Putting It All Together
We now combine the ideas of numerically stable softmax, online softmax, and block computation
to describe the complete FlashAttention forward pass.
High-Level Idea
The FlashAttention forward pass can be summarized as follows:
- Tiling: Split the query \(Q\), key \(K\), and value \(V\) matrices into smaller tiles that fit in fast on-chip memory. Each query tile \(Q_i \in \mathbb{R}^{B_Q \times d}\) is processed sequentially against all key/value tiles \(K_j, V_j \in \mathbb{R}^{B_K \times d}\).
- Streaming computation: Keep the query tile \(Q_i\) resident in fast memory while streaming the key/value tiles one at a time from slower global memory.

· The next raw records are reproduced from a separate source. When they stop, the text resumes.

(* Let $\mathbb{X}$ be a finite set, $\mathcal{H}_A$ a finite-dimensional Hilbert space, $\{\rho_A^x\}_{x\in\mathbb{X}}$ density operators on $\mathcal{H}_A$, and $\sim$ a neighbouring relationship on density operators such that $\rho_A^x\sim\rho_A^{x'}$ for all $x,x'\in\mathbb{X}$. Let $\mathcal{E}$ be a quantum channel that is $(\epsilon,0)$-differentially private with respect to $\sim$, for some $\epsilon\geq0$. Then, writing $\mathcal{E}(\rho_A)$ for the family $\{\mathcal{E}(\rho_A^x)\}_{x\in\mathbb{X}}$, \[ \mathcal{B}(X\rightarrow A)_{\mathcal{E}(\rho_A)}\leq\mathcal{R}(X\rightarrow A)_{\mathcal{E}(\rho_A)}\leq\epsilon/\ln(2). \]
   Context: All logarithms $\log$ are base 2; $\ln$ is the natural logarithm. A neighbouring relationship is a reflexive and symmetric relation $\sim$ on density operators. For $\epsilon,\delta\geq0$, a quantum channel $\mathcal{E}$ is $(\epsilon,\delta)$-differentially private (w.r.t. $\sim$) if $\operatorname{tr}(M\mathcal{E}(\rho))\leq e^{\epsilon}\operatorname{tr}(M\mathcal{E}(\sigma))+\delta$ for all operators $0\preceq M\preceq I$ and all $\rho\sim\sigma$. For a density operator $\rho$ and positive semi-definite $\sigma$, $\widetilde{D}_\infty(\rho\|\sigma)=\log\inf\{\mu\in\mathbb{R}:\rho\leq\mu\sigma\}$ ($+\infty$ if $\operatorname{supp}\rho\not\subseteq\operatorname{supp}\sigma$). For a family $\{\tau^x\}_{x\in\mathbb{X}}$ of density operators, $\mathcal{B}=\min_{\pi\in\Delta(\mathbb{X})}\max_x\widetilde{D}_\infty(\tau^x\|\sum_{x'}\pi(x')\tau^{x'})$ (with $\Delta(\mathbb{X})$ the probability mass functions on $\mathbb{X}$) and $\mathcal{R}=\max_{x,x'}\widetilde{D}_\infty(\tau^x\|\tau^{x'})$. *)

From HB Require Import structures.
From mathcomp Require Import all_boot all_order all_algebra.
From mathcomp Require Import all_classical all_reals all_analysis.
From mathcomp Require Import constructive_ereal ereal exp.
From mathcomp Require Import complex mxtens.

Set Implicit Arguments.
Unset Strict Implicit.
Unset Printing Implicit Defensive.

Import Order.TTheory GRing.Theory Num.Theory.
Local Open Scope ring_scope.
Local Open Scope complex_scope.
Local Open Scope classical_set_scope.

Section QDefs.
Variable R : realType.
Local Notation C := (R[i]).

Definition adjmx m n (A : 'M[C]_(m, n)) : 'M[C]_(n, m) := (map_mx Num.conj A)^T.

Definition psd n (A : 'M[C]_n) : Prop :=
  adjmx A = A /\ forall v : 'cV[C]_n, 0 <= (adjmx v *m A *m v) 0 0.

Definition loewner n (A B : 'M[C]_n) : Prop := psd (B - A).

Definition density n (rho : 'M[C]_n) : Prop := psd rho /\ \tr rho = 1.

Definition lin_map n m (E : 'M[C]_n -> 'M[C]_m) : Prop :=
  forall (a : C) (A B : 'M[C]_n), E (a *: A + B) = a *: E A + E B.

(* block (i,j) (of size n x n) of a matrix on C^k (x) C^n *)
Definition blockmx k n (X : 'M[C]_(k * n)) (i j : 'I_k) : 'M[C]_n :=
  \matrix_(a, b) X (mxtens_index (i, a)) (mxtens_index (j, b)).

(* ampliation id_k (x) E, acting blockwise *)
Definition ampl k n m (E : 'M[C]_n -> 'M[C]_m) (X : 'M[C]_(k * n)) : 'M[C]_(k * m) :=
  \matrix_(p, q) E (blockmx X (mxtens_unindex p).1 (mxtens_unindex q).1)
                   (mxtens_unindex p).2 (mxtens_unindex q).2.

Definition completely_positive n m (E : 'M[C]_n -> 'M[C]_m) : Prop :=
  forall (k : nat) (X : 'M[C]_(k * n)), psd X -> psd (ampl E X).

Definition trace_preserving n m (E : 'M[C]_n -> 'M[C]_m) : Prop :=
  forall X : 'M[C]_n, \tr (E X) = \tr X.

Definition quantum_channel n m (E : 'M[C]_n -> 'M[C]_m) : Prop :=
  [/\ lin_map E, completely_positive E & trace_preserving E].

Definition neighbouring n (nb : 'M[C]_n -> 'M[C]_n -> Prop) : Prop :=
  (forall rho, density rho -> nb rho rho) /\
  (forall rho sigma, density rho -> density sigma -> nb rho sigma -> nb sigma rho).

Definition diff_private n m (nb : 'M[C]_n -> 'M[C]_n -> Prop)
    (E : 'M[C]_n -> 'M[C]_m) (eps delta : R) : Prop :=
  forall (M : 'M[C]_m) (rho sigma : 'M[C]_n),
    psd M -> loewner M 1%:M -> density rho -> density sigma -> nb rho sigma ->
    \tr (M *m E rho) <= (expR eps)%:C * \tr (M *m E sigma) + delta%:C.

Definition log2 (x : R) : R := ln x / ln 2.

Definition Dmax n (rho sigma : 'M[C]_n) : \bar R :=
  if `[< exists mu : R, loewner rho (mu%:C *: sigma) >] then
    (log2 (inf [set mu : R | loewner rho (mu%:C *: sigma)]))%:E
  else +oo%E.

Definition pmf (X : finType) (pi : X -> R) : Prop :=
  (forall x, 0 <= pi x) /\ \sum_(x : X) pi x = 1.

Definition Bquant (X : finType) n (tau : X -> 'M[C]_n) : \bar R :=
  ereal_inf [set ereal_sup (range (fun x => Dmax (tau x)
                   (\sum_(x' : X) (pi x')%:C *: tau x')))
            | pi in [set pi : X -> R | pmf pi]].

Definition Rquant (X : finType) n (tau : X -> 'M[C]_n) : \bar R :=
  ereal_sup (range (fun p : X * X => Dmax (tau p.1) (tau p.2))).

End QDefs.

(** With [delta = 0], differential privacy tested against every effect
    [0 <= M <= I] is the Loewner inequality [E rho <= e^eps E sigma]: testing
    against the rank-one projector onto a vector [v] shows that
    [v^* (e^eps E sigma - E rho) v >= 0], and a matrix whose quadratic form is
    nonnegative is positive semi-definite (by polarization it is hermitian).
    Hence every pairwise max-relative entropy of the outputs is at most
    [log2 (e^eps) = eps / ln 2], which bounds [R]; and [B <= R] because [B]
    minimizes over all distributions [pi], among them a point mass. *)

From Pilot Require Import Defs.
From HB Require Import structures.
From mathcomp Require Import all_boot all_order all_algebra.
From mathcomp Require Import all_classical all_reals all_analysis.
From mathcomp Require Import constructive_ereal ereal exp.
From mathcomp Require Import complex mxtens.
From mathcomp Require Import ring.

Import Order.TTheory GRing.Theory Num.Theory.
Local Open Scope ring_scope.

(* With [qu = B(u,u)], [qw = B(w,w)], [a = B(u,w)], [b = B(w,u)] for a
   sesquilinear [B], the last two hypotheses say that [B(u+w,u+w)] and
   [B(u+iw,u+iw)] are real. *)
Lemma polarization_conj (C : numClosedFieldType) (qu qw a b : C) :
  qu \is Num.real -> qw \is Num.real ->
  qu + qw + a + b \is Num.real ->
  qu + 'i * a + 'i^* * b + 'i^* * ('i * qw) \is Num.real ->
  a^* = b.
Proof.
move=> /conj_Creal hu /conj_Creal hw /conj_Creal h1 /conj_Creal h2.
rewrite !rmorphD !rmorphM /= hu hw conjCK conjCi in h1 h2.
have sqri : 'i * 'i = -1 :> C by rewrite -expr2 sqrCi.
set X := a^* in h1 h2 *; set Y := b^* in h1 h2.
have : (X - b) *+ 2 = ((qu + qw + X + Y) - (qu + qw + a + b))
   + 'i * ((qu + - 'i * X + 'i * Y + 'i * (- 'i * qw)) -
           (qu + 'i * a + - 'i * b + - 'i * ('i * qw)))
   + ('i * 'i + 1) * (X - Y + a - b) by ring.
rewrite h1 h2 sqri !subrr addNr mul0r mulr0 !addr0 => /eqP.
by rewrite mulrn_eq0 /= subr_eq0 => /eqP.
Qed.

Section QuantumMatrices.
Set Implicit Arguments.
Local Open Scope complex_scope.
Variable R : realType.
Local Notation C := (R[i]).

Lemma adjmxD m n (A B : 'M[C]_(m, n)) : adjmx (A + B) = adjmx A + adjmx B.
Proof. by apply/matrixP=> i j; rewrite !mxE rmorphD. Qed.

Lemma adjmxN m n (A : 'M[C]_(m, n)) : adjmx (- A) = - adjmx A.
Proof. by apply/matrixP=> i j; rewrite !mxE rmorphN. Qed.

Lemma adjmxB m n (A B : 'M[C]_(m, n)) : adjmx (A - B) = adjmx A - adjmx B.
Proof. by rewrite adjmxD adjmxN. Qed.

Lemma adjmxZ m n a (A : 'M[C]_(m, n)) : adjmx (a *: A) = a^* *: adjmx A.
Proof. by apply/matrixP=> i j; rewrite !mxE rmorphM. Qed.

Lemma adjmxK m n (A : 'M[C]_(m, n)) : adjmx (adjmx A) = A.
Proof. by apply/matrixP=> i j; rewrite !mxE conjCK. Qed.

Lemma adjmxM m n p (A : 'M[C]_(m, n)) (B : 'M[C]_(n, p)) :
  adjmx (A *m B) = adjmx B *m adjmx A.
Proof.
apply/matrixP=> i j; rewrite !mxE rmorph_sum; apply: eq_bigr => k _.
by rewrite !mxE rmorphM mulrC.
Qed.

Lemma adjmx1 n : adjmx (1%:M : 'M[C]_n) = 1%:M.
Proof. by apply/matrixP=> i j; rewrite !mxE conjC_nat eq_sym. Qed.

Lemma adjmx_delta n (i : 'I_n) :
  adjmx (delta_mx i 0 : 'cV[C]_n) = delta_mx 0 i.
Proof.
by apply/matrixP=> a b; rewrite !mxE (ord1 a) eqxx andbT conjC_nat.
Qed.

Definition cnorm2 n (v : 'cV[C]_n) : C := (adjmx v *m v) 0 0.

Lemma cnorm2_ge0 n (v : 'cV[C]_n) : 0 <= cnorm2 v.
Proof.
rewrite /cnorm2 !mxE; apply: sumr_ge0 => k _; rewrite !mxE mulrC.
exact: mul_conjC_ge0.
Qed.

Lemma cnorm2_eq0 n (v : 'cV[C]_n) : (cnorm2 v == 0) = (v == 0).
Proof.
apply/eqP/eqP=> [|->]; last by rewrite /cnorm2 mulmx0 mxE.
rewrite /cnorm2 !mxE => v2_0; apply/matrixP=> k l; rewrite (ord1 l) [RHS]mxE.
have terms_ge0 (k' : 'I_n) : true -> 0 <= (v k' 0)^* * v k' 0.
  by rewrite mulrC mul_conjC_ge0.
have sum0 : \sum_(k' < n) (v k' 0)^* * v k' 0 = 0.
  by rewrite -[RHS]v2_0; apply: eq_bigr => k' _; rewrite !mxE.
have /eqP := psumr_eq0P terms_ge0 sum0 (i := k) isT.
by rewrite mulf_eq0 conjC_eq0 orbb => /eqP.
Qed.

Lemma psd_gram k n (A : 'M[C]_(k, n)) : psd (adjmx A *m A).
Proof.
split; first by rewrite adjmxM adjmxK.
move=> v; have -> : adjmx v *m (adjmx A *m A) *m v = adjmx (A *m v) *m (A *m v).
  by rewrite adjmxM !mulmxA.
exact: (cnorm2_ge0 (A *m v)).
Qed.

Lemma psd_orthoproj n (P : 'M[C]_n) :
  adjmx P = P -> P *m P = P -> psd P /\ loewner P 1%:M.
Proof.
move=> Pherm Pidem; split; first by rewrite -Pidem -{1}Pherm; apply: psd_gram.
rewrite /loewner; have <- : adjmx (1%:M - P) *m (1%:M - P) = 1%:M - P.
  rewrite adjmxB adjmx1 Pherm !(mulmxBl, mulmxBr, mul1mx, mulmx1) Pidem.
  by rewrite subrr subr0.
exact: psd_gram.
Qed.

Definition sesq {n} (D : 'M[C]_n) (u w : 'cV[C]_n) : C := (adjmx u *m D *m w) 0 0.

Lemma sesqDl n (D : 'M[C]_n) u1 u2 w : sesq D (u1 + u2) w = sesq D u1 w + sesq D u2 w.
Proof. by rewrite /sesq adjmxD !mulmxDl mxE. Qed.

Lemma sesqDr n (D : 'M[C]_n) u w1 w2 : sesq D u (w1 + w2) = sesq D u w1 + sesq D u w2.
Proof. by rewrite /sesq !mulmxDr mxE. Qed.

Lemma sesqZl n (D : 'M[C]_n) c u w : sesq D (c *: u) w = c^* * sesq D u w.
Proof. by rewrite /sesq adjmxZ -!scalemxAl mxE. Qed.

Lemma sesqZr n (D : 'M[C]_n) c u w : sesq D u (c *: w) = c * sesq D u w.
Proof. by rewrite /sesq -!scalemxAr mxE. Qed.

Lemma sesq_delta n (D : 'M[C]_n) (i j : 'I_n) :
  sesq D (delta_mx i 0) (delta_mx j 0) = D i j.
Proof. by rewrite /sesq -colE adjmx_delta mxE -rowE mxE. Qed.

Lemma herm_of_real_sesq n (D : 'M[C]_n) :
  (forall v, sesq D v v \is Num.real) -> adjmx D = D.
Proof.
move=> Dreal; apply/matrixP=> i j; rewrite !mxE.
set u : 'cV[C]_n := delta_mx j 0; set w : 'cV[C]_n := delta_mx i 0.
rewrite -(sesq_delta D j i) -(sesq_delta D i j) -/u -/w.
apply: (@polarization_conj _ (sesq D u u) (sesq D w w)); rewrite ?Dreal //.
  have -> : sesq D u u + sesq D w w + sesq D u w + sesq D w u
            = sesq D (u + w) (u + w) by rewrite !sesqDl !sesqDr; ring.
  exact: Dreal.
have -> : sesq D u u + 'i * sesq D u w + 'i^* * sesq D w u
          + 'i^* * ('i * sesq D w w) = sesq D (u + 'i *: w) (u + 'i *: w).
  by rewrite !sesqDl !sesqDr !sesqZl !sesqZr; ring.
exact: Dreal.
Qed.

Lemma psd_of_sesq_ge0 n (D : 'M[C]_n) : (forall v, 0 <= sesq D v v) -> psd D.
Proof.
move=> Dge0; split; last exact: Dge0.
by apply: herm_of_real_sesq => v; apply: ger0_real.
Qed.

Definition rank1_proj n (v : 'cV[C]_n) : 'M[C]_n := (cnorm2 v)^-1 *: (v *m adjmx v).

Lemma rank1_proj_effect n (v : 'cV[C]_n) :
  v != 0 -> psd (rank1_proj v) /\ loewner (rank1_proj v) 1%:M.
Proof.
rewrite -cnorm2_eq0 => v0; have vv : adjmx v *m v = (cnorm2 v)%:M.
  by rewrite [LHS]mx11_scalar.
apply: psd_orthoproj; rewrite /rank1_proj.
  rewrite adjmxZ adjmxM adjmxK fmorphV; congr (_^-1 *: _).
  exact: geC0_conj (cnorm2_ge0 v).
rewrite -scalemxAl -scalemxAr scalerA mulmxA -(mulmxA v) vv mul_mx_scalar.
by rewrite -scalemxAl scalerA -mulrA mulVf // mulr1.
Qed.

Lemma tr_rank1_proj n (v : 'cV[C]_n) (D : 'M[C]_n) :
  \tr (rank1_proj v *m D) = (cnorm2 v)^-1 * sesq D v v.
Proof. by rewrite -scalemxAl mxtraceZ -mulmxA mxtrace_mulC trace_mx11. Qed.

Lemma psd_of_effect_tr_ge0 n (D : 'M[C]_n) :
  (forall M, psd M -> loewner M 1%:M -> 0 <= \tr (M *m D)) -> psd D.
Proof.
move=> trge0; apply: psd_of_sesq_ge0 => v.
have [->|v0] := eqVneq v 0; first by rewrite /sesq mulmx0 mxE.
have [Ppsd Ple1] := rank1_proj_effect v v0.
have := trge0 _ Ppsd Ple1; rewrite tr_rank1_proj pmulr_rge0 // invr_gt0.
by rewrite lt_def cnorm2_ge0 cnorm2_eq0 v0.
Qed.

Lemma diff_private0_loewner n m (E : 'M[C]_n -> 'M[C]_m) nb (eps : R) rho sigma :
  diff_private nb E eps 0 -> density rho -> density sigma -> nb rho sigma ->
  loewner (E rho) ((expR eps)%:C *: E sigma).
Proof.
move=> dp rho_d sigma_d nb_rs; apply: psd_of_effect_tr_ge0 => M Mpsd Mle1.
have := dp M rho sigma Mpsd Mle1 rho_d sigma_d nb_rs.
by rewrite addr0 mulmxBr -scalemxAr linearB /= mxtraceZ subr_ge0.
Qed.

(* [1 <= mu] is needed because [ln] is [0] on nonpositive reals. *)
Lemma Dmax_le_log2 n (A B : 'M[C]_n) (mu : R) :
  1 <= mu -> loewner A (mu%:C *: B) -> (Dmax A B <= (log2 mu)%:E)%E.
Proof.
move=> mu_ge1 AleB; rewrite /Dmax asboolT; last by exists mu.
rewrite lee_fin /log2 ler_wpM2r // ?invr_ge0 ?ln_ge0 ?ler1n //.
set S := [set mu : R | loewner A (mu%:C *: B)]%classic.
have [infS_le0|infS_gt0] := lerP (inf S) 0.
  by rewrite ln0 // ln_ge0.
have S_lb : has_lbound S.
  by apply/not_notP => Snlb; move: infS_gt0; rewrite inf_out ?ltxx //; case.
by rewrite ler_ln ?posrE ?(lt_le_trans _ mu_ge1) //; apply: ge_inf.
Qed.

Lemma Bquant_le_Rquant (X : finType) (x0 : X) n (tau : X -> 'M[C]_n) :
  (Bquant tau <= Rquant tau)%E.
Proof.
pose delta_x0 x : R := (x == x0)%:R.
have delta_pmf : Defs.pmf delta_x0.
  split=> [x|]; first by rewrite ler0n.
  by rewrite (bigD1 x0) //= /delta_x0 eqxx big1 ?addr0 // => y /negbTE ->.
have mix_delta : \sum_(x : X) (delta_x0 x)%:C *: tau x = tau x0.
  rewrite (bigD1 x0) //= /delta_x0 eqxx scale1r big1 ?addr0 // => y /negbTE ->.
  by rewrite scale0r.
apply: (@le_trans _ _ (ereal_sup (range (fun x => Dmax (tau x) (tau x0))))).
  by apply: ereal_inf_lbound; exists delta_x0; rewrite ?mix_delta.
by apply: ereal_sup_le => _ [x _ <-]; exists (x, x0).
Qed.

End QuantumMatrices.

Theorem proposition6 (R : realType) (X : finType) (x0 : X) (n m : nat)
    (rho : X -> 'M[R[i]]_n) (nb : 'M[R[i]]_n -> 'M[R[i]]_n -> Prop)
    (E : 'M[R[i]]_n -> 'M[R[i]]_m) (eps : R) :
  (forall x, density (rho x)) ->
  neighbouring nb ->
  (forall x x', nb (rho x) (rho x')) ->
  quantum_channel E ->
  0 <= eps ->
  diff_private nb E eps 0 ->
  (Bquant (fun x => E (rho x)) <= Rquant (fun x => E (rho x)))%E /\
  (Rquant (fun x => E (rho x)) <= (eps / ln 2)%:E)%E.
Proof.
move=> rho_d _ rho_nb _ eps_ge0 dp; split; first exact: Bquant_le_Rquant.
have expR_ge1 : 1 <= expR eps by rewrite (le_trans _ (expR_ge1Dx eps)) ?lerDl.
apply: ge_ereal_sup => _ [[x x'] _ <-] /=.
have -> : eps / ln 2 = log2 (expR eps) by rewrite /log2 expRK.
apply: Dmax_le_log2 expR_ge1 _.
exact: diff_private0_loewner dp (rho_d x) (rho_d x') (rho_nb x x').
Qed.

- Online updates: For each pair of tiles \((Q_i, K_j, V_j)\), compute partial attention scores and update running per-row quantities: \(m_{ij}\): running maximum (for numerical stability), \(l_{ij}\): normalization factor (for softmax scaling), \(O_i\): accumulated output
- Numerical stability: Apply rescaling using the factor \(\exp(m_{ij-1} - m_{ij})\) to keep all quantities consistent under changing maxima.
- Final normalization: After iterating through all key/value tiles, normalize \(O_i\) by the final \(l_{iN}\) to obtain the exact softmax output for that query tile.
Algorithm
For each pair of tiles \((Q_i, K_j, V_j)\):
\begin{equation}
S_{ij} = Q_i K_j^{T},
\end{equation}
\begin{equation}
m_{ij} = \max(\text{rowmax}(S_{ij}), m_{ij-1}),
\end{equation}
\begin{equation}
P_{ij} = \exp(S_{ij} - m_{ij}),
\end{equation}
\begin{equation}
l_{ij} = \text{rowsum}(P_{ij}) + l_{ij-1} \exp(m_{ij-1} - m_{ij}),
\end{equation}
\begin{equation}
O_i = \text{diag}(\exp(m_{ij-1} - m_{ij})) O_i + P_{ij} V_j.
\end{equation}
After all key/value tiles are processed, the final normalization is applied:
\begin{equation}
O_i = (\text{diag}(l_{iN}))^{-1} O_i,
\end{equation}
where \(N\) is the total number of key/value tiles.
Here, \(m_{ij}\) represents the updated running maximum for each query row,
and \(l_{ij}\) is the corresponding normalization factor accumulated so far.
The matrix exponential and maximum operations are applied elementwise across rows of the tile.
The rescaling factor \(\exp(m_{ij-1} - m_{ij})\) ensures that the previously accumulated quantities
are adjusted to the new numerical maximum, maintaining numerical stability across iterations.
Each query tile \(Q_i\) remains in on-chip memory throughout computation,
while key/value tiles \((K_j, V_j)\) are streamed from global memory.
At every step, only small per-row quantities (\(m_i\), \(l_i\), and \(O_i\)) are updated,
avoiding the need to materialize the large \(N \times N\) attention matrix.
This fusion of block computation and online softmax enables FlashAttention
to compute exact attention efficiently while drastically reducing memory traffic.